## EXERCISE AIM
From the listing below, copy only the lines from the line that contains "exists 11 =>" to the line that contains "split => //;", counting those two lines as part of the copy.

## THE DATA
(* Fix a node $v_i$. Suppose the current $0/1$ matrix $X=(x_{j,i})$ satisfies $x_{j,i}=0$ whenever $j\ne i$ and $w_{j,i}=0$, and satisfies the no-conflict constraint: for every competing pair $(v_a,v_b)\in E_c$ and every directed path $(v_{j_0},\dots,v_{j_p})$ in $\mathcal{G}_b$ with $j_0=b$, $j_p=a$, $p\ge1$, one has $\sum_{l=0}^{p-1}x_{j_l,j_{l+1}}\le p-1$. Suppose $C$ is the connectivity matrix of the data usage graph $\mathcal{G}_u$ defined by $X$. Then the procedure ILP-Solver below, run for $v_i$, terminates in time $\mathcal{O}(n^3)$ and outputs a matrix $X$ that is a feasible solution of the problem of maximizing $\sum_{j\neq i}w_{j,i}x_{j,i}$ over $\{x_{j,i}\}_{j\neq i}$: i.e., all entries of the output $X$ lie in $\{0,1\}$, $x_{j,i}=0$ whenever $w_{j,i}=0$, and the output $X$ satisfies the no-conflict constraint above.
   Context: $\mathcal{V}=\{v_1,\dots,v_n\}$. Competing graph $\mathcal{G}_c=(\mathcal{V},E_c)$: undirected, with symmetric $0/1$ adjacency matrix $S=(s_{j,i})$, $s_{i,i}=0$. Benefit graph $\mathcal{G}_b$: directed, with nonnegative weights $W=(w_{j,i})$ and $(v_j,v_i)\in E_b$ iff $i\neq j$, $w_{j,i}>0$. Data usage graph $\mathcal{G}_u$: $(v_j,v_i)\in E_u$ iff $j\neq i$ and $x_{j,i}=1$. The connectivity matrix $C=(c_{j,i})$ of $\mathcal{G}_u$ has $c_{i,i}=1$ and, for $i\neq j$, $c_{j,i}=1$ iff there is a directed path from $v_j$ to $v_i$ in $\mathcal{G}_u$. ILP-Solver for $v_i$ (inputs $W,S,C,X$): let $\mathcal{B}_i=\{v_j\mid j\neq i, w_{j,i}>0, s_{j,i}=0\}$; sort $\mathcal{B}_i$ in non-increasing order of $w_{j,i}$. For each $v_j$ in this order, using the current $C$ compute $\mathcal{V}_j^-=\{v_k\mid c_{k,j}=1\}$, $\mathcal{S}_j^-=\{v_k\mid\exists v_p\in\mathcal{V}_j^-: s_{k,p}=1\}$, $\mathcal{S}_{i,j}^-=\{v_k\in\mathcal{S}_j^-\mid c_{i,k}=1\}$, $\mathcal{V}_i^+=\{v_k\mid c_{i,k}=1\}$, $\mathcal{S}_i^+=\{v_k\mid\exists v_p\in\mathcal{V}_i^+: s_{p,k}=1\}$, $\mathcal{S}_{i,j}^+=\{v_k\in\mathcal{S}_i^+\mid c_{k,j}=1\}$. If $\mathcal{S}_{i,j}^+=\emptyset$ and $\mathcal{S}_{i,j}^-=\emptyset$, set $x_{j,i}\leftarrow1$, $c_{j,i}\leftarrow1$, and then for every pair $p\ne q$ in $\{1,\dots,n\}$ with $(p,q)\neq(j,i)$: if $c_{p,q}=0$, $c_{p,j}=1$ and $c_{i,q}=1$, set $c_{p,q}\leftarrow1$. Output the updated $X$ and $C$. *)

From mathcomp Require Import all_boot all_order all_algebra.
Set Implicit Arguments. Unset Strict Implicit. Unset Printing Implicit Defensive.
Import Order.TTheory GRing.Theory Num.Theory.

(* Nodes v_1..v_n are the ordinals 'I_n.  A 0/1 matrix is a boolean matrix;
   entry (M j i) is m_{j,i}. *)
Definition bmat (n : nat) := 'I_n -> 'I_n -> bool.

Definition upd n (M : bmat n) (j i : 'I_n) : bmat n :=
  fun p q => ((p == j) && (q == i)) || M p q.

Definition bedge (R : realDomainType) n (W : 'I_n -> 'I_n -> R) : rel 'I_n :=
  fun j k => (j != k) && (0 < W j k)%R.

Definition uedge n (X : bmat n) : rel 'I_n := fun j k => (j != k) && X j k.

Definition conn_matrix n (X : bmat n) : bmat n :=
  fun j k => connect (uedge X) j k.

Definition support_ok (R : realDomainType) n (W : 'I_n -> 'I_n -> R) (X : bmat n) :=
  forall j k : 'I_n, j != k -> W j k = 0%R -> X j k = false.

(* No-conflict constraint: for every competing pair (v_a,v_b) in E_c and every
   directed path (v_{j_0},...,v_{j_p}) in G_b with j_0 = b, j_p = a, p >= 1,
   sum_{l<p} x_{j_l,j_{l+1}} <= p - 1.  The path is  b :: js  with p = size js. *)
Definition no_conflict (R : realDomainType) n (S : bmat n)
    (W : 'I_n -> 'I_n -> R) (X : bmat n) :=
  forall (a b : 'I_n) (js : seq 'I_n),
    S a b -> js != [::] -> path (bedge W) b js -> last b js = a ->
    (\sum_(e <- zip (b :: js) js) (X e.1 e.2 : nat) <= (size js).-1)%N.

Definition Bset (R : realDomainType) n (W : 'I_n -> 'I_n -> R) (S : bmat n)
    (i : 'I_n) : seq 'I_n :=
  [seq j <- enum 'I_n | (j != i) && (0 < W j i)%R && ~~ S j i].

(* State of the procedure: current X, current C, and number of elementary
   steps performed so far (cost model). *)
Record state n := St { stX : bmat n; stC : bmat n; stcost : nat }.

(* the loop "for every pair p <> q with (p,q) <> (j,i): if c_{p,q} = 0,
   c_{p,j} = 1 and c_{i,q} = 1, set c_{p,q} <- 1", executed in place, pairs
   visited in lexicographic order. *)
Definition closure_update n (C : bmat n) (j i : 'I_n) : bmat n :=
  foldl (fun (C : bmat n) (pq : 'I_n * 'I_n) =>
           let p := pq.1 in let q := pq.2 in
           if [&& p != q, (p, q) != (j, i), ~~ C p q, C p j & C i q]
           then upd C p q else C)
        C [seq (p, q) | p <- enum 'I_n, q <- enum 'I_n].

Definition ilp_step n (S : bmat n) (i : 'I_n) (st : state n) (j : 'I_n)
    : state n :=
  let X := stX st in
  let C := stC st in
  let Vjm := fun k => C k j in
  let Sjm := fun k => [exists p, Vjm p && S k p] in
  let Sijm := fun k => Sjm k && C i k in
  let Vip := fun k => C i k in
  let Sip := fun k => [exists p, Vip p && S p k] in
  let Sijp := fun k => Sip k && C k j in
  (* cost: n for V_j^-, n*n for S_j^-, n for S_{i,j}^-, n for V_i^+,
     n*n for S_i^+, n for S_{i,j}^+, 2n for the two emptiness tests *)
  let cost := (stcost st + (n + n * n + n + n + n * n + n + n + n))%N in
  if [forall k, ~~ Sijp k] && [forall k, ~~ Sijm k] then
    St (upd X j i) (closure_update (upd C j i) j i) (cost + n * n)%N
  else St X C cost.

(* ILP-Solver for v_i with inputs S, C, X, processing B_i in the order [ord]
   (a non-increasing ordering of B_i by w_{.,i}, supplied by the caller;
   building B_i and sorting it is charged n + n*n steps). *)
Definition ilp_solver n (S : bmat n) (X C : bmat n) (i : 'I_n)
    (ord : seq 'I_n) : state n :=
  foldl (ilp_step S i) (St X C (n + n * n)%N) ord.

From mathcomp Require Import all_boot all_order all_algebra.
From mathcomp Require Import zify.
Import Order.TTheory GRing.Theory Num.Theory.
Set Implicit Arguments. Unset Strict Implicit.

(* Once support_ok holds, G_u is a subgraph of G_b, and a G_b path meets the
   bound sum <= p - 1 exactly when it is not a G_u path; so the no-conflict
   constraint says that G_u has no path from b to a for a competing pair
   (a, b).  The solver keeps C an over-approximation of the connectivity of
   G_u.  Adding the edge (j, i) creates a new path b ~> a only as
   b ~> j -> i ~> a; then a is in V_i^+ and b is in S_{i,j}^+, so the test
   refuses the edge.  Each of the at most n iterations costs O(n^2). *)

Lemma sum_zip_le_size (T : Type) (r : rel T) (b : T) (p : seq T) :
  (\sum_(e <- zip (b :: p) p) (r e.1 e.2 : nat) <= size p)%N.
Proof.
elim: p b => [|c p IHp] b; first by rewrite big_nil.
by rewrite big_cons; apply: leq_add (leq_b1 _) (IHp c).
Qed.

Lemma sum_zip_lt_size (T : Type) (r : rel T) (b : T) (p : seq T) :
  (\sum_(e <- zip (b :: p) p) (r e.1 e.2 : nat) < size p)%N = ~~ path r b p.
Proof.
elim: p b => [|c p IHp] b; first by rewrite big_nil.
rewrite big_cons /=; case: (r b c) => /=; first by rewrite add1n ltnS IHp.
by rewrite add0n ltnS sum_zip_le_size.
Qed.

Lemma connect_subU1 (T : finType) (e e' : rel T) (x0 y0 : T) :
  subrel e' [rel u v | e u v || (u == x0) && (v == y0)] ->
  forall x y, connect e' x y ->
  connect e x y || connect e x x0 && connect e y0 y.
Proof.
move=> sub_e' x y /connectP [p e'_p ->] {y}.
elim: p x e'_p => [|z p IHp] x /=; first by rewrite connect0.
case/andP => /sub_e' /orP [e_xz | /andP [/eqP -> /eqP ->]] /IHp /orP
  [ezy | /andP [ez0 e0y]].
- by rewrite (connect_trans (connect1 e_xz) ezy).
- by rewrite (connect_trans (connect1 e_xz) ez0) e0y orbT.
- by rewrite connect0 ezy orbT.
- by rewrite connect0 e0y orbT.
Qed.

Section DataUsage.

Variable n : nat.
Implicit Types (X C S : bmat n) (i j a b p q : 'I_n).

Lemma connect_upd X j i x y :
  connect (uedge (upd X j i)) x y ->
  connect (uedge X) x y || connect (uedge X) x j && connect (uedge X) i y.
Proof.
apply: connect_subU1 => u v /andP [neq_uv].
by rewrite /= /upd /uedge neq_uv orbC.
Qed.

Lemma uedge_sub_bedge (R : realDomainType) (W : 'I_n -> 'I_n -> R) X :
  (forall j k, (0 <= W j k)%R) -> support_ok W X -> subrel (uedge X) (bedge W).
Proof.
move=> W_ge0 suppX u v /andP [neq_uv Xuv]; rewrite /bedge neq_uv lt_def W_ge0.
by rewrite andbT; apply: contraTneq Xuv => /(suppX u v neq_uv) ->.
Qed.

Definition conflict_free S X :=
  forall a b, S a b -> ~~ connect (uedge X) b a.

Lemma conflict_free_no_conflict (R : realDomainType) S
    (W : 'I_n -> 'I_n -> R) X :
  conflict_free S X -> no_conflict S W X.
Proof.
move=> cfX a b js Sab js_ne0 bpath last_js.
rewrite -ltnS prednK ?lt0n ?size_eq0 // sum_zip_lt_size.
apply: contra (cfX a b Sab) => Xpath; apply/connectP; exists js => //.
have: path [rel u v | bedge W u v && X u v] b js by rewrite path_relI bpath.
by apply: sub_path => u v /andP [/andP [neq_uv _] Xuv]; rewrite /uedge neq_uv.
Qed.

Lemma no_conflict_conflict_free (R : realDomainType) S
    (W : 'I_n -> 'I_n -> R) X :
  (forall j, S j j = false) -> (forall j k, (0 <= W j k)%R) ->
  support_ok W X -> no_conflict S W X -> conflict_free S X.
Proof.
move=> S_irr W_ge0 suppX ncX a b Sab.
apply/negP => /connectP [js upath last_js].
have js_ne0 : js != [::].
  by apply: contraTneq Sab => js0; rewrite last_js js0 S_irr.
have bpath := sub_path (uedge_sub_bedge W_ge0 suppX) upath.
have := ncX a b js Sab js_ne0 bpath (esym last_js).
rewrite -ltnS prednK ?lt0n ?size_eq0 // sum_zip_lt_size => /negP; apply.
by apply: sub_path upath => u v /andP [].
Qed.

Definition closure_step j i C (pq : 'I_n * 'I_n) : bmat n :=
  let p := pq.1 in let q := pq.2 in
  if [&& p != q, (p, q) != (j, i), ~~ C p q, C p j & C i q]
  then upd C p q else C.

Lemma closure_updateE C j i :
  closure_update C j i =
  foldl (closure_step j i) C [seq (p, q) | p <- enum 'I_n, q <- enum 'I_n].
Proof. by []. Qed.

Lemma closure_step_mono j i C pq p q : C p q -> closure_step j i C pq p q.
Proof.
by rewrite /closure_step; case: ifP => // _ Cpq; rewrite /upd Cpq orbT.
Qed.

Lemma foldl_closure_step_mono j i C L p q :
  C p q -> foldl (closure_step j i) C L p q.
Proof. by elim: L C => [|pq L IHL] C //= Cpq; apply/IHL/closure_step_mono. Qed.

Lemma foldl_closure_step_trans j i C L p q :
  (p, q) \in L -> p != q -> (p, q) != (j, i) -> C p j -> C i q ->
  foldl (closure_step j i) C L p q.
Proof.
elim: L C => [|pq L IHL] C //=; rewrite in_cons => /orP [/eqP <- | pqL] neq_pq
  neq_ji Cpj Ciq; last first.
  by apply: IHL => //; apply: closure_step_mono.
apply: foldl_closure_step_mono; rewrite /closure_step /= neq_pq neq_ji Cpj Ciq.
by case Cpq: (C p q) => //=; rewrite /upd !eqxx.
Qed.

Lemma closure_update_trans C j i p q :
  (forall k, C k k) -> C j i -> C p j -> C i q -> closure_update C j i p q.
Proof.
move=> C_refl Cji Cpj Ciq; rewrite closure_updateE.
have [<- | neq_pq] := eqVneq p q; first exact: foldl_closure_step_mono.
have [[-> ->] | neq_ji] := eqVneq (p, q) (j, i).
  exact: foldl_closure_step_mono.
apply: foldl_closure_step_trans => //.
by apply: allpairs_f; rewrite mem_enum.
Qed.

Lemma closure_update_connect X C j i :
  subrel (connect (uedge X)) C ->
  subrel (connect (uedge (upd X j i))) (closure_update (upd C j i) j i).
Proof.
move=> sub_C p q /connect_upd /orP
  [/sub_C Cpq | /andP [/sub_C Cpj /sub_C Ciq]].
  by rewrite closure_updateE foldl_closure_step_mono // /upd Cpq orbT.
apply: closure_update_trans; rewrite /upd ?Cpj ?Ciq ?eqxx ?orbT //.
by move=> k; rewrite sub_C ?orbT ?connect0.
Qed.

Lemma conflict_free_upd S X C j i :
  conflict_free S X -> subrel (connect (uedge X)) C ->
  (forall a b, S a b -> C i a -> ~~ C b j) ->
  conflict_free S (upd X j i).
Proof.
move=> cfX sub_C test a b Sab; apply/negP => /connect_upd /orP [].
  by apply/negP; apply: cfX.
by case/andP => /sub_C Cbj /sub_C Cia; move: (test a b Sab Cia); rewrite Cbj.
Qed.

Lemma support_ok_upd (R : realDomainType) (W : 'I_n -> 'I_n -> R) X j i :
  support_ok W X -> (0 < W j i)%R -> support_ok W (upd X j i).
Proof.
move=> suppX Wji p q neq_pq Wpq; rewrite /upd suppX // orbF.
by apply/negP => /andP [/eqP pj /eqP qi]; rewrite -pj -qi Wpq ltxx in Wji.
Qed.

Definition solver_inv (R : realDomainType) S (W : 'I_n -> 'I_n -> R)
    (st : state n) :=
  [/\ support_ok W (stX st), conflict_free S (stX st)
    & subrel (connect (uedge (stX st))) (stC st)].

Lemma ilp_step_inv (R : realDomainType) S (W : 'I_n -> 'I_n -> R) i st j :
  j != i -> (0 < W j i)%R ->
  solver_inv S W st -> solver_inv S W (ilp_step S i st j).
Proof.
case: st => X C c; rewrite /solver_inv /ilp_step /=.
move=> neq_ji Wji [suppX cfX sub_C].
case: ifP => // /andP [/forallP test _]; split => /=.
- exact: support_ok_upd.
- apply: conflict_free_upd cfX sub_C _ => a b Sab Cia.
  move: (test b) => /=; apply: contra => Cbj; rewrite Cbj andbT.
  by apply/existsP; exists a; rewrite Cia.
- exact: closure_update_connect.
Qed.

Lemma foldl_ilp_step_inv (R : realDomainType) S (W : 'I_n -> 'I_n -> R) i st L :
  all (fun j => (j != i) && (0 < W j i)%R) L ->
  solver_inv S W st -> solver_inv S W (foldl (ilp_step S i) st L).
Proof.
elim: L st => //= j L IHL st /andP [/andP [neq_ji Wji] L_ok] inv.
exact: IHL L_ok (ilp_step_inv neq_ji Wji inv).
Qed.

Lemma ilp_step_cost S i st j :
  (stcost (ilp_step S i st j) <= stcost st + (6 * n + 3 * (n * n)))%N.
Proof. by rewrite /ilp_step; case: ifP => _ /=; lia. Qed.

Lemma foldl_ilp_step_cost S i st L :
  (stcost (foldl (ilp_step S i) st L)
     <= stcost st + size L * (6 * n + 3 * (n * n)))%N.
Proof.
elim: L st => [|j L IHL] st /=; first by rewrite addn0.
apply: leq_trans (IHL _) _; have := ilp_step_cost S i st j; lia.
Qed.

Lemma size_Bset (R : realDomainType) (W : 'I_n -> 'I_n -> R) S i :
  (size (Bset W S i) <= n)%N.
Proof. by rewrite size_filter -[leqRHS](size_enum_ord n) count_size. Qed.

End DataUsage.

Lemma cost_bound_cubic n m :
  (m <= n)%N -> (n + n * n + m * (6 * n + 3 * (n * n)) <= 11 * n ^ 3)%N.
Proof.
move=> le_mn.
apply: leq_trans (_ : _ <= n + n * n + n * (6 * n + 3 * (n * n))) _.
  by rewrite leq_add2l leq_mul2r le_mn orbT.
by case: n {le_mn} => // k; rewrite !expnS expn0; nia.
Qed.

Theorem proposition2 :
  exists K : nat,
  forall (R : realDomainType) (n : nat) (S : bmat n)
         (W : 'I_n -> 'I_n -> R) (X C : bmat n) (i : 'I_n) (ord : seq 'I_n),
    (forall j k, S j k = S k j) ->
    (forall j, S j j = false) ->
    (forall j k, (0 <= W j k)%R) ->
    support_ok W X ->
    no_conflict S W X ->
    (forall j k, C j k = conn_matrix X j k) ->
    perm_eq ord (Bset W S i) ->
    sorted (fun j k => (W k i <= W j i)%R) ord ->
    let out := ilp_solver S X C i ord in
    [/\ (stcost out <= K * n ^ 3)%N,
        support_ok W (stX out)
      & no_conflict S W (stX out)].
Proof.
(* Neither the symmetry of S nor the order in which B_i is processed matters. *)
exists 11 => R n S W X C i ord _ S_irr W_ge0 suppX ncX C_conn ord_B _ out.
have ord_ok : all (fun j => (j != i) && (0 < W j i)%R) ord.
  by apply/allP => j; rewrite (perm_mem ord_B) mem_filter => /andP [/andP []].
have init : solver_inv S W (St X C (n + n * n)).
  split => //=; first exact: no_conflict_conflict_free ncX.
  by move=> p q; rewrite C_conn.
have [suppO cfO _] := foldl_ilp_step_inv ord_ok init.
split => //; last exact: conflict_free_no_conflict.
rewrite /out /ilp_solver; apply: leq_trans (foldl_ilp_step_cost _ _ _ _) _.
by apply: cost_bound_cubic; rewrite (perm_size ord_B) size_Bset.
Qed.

## TASK ANSWER
exists 11 => R n S W X C i ord _ S_irr W_ge0 suppX ncX C_conn ord_B _ out.
have ord_ok : all (fun j => (j != i) && (0 < W j i)%R) ord.
  by apply/allP => j; rewrite (perm_mem ord_B) mem_filter => /andP [/andP []].
have init : solver_inv S W (St X C (n + n * n)).
  split => //=; first exact: no_conflict_conflict_free ncX.
  by move=> p q; rewrite C_conn.
have [suppO cfO _] := foldl_ilp_step_inv ord_ok init.
split => //; last exact: conflict_free_no_conflict.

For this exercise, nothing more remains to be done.